* **DATASET EXCERPTS**:

>>

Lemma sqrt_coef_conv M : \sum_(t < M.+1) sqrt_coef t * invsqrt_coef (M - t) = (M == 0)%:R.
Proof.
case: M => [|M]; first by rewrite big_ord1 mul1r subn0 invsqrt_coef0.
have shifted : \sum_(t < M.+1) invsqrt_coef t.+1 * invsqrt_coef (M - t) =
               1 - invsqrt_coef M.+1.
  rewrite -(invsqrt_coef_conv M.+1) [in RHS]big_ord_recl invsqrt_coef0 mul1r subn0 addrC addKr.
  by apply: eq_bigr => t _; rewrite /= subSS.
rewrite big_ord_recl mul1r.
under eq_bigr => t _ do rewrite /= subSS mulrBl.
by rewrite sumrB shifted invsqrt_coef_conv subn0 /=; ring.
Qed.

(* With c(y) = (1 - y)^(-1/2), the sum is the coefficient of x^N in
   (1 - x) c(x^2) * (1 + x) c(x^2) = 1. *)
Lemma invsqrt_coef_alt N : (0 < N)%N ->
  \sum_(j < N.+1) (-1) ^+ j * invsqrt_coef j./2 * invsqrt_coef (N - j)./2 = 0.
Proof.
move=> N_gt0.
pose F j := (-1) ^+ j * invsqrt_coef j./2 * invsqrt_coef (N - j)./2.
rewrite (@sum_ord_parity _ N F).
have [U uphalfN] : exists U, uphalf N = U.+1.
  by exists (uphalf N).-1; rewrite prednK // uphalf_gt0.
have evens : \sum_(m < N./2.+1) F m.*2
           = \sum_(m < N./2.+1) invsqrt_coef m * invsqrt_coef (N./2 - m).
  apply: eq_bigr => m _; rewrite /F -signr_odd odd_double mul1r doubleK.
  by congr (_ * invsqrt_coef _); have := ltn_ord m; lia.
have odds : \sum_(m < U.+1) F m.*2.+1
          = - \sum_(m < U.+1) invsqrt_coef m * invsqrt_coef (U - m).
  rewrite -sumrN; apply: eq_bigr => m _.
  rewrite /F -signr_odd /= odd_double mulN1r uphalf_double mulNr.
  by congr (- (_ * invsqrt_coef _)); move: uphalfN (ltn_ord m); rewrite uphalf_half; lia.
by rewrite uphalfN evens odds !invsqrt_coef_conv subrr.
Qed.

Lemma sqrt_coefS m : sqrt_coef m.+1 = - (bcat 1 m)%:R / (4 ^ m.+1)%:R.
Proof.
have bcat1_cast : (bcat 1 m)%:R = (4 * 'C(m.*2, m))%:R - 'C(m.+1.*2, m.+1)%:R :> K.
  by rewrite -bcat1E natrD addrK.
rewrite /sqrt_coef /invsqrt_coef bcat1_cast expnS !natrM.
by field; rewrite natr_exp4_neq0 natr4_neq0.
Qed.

<<

* **REQUIRED WORK**: Count each line of the listing above that holds the string "congr", and state that count without anything added.

* **RESULT BELOW**: 2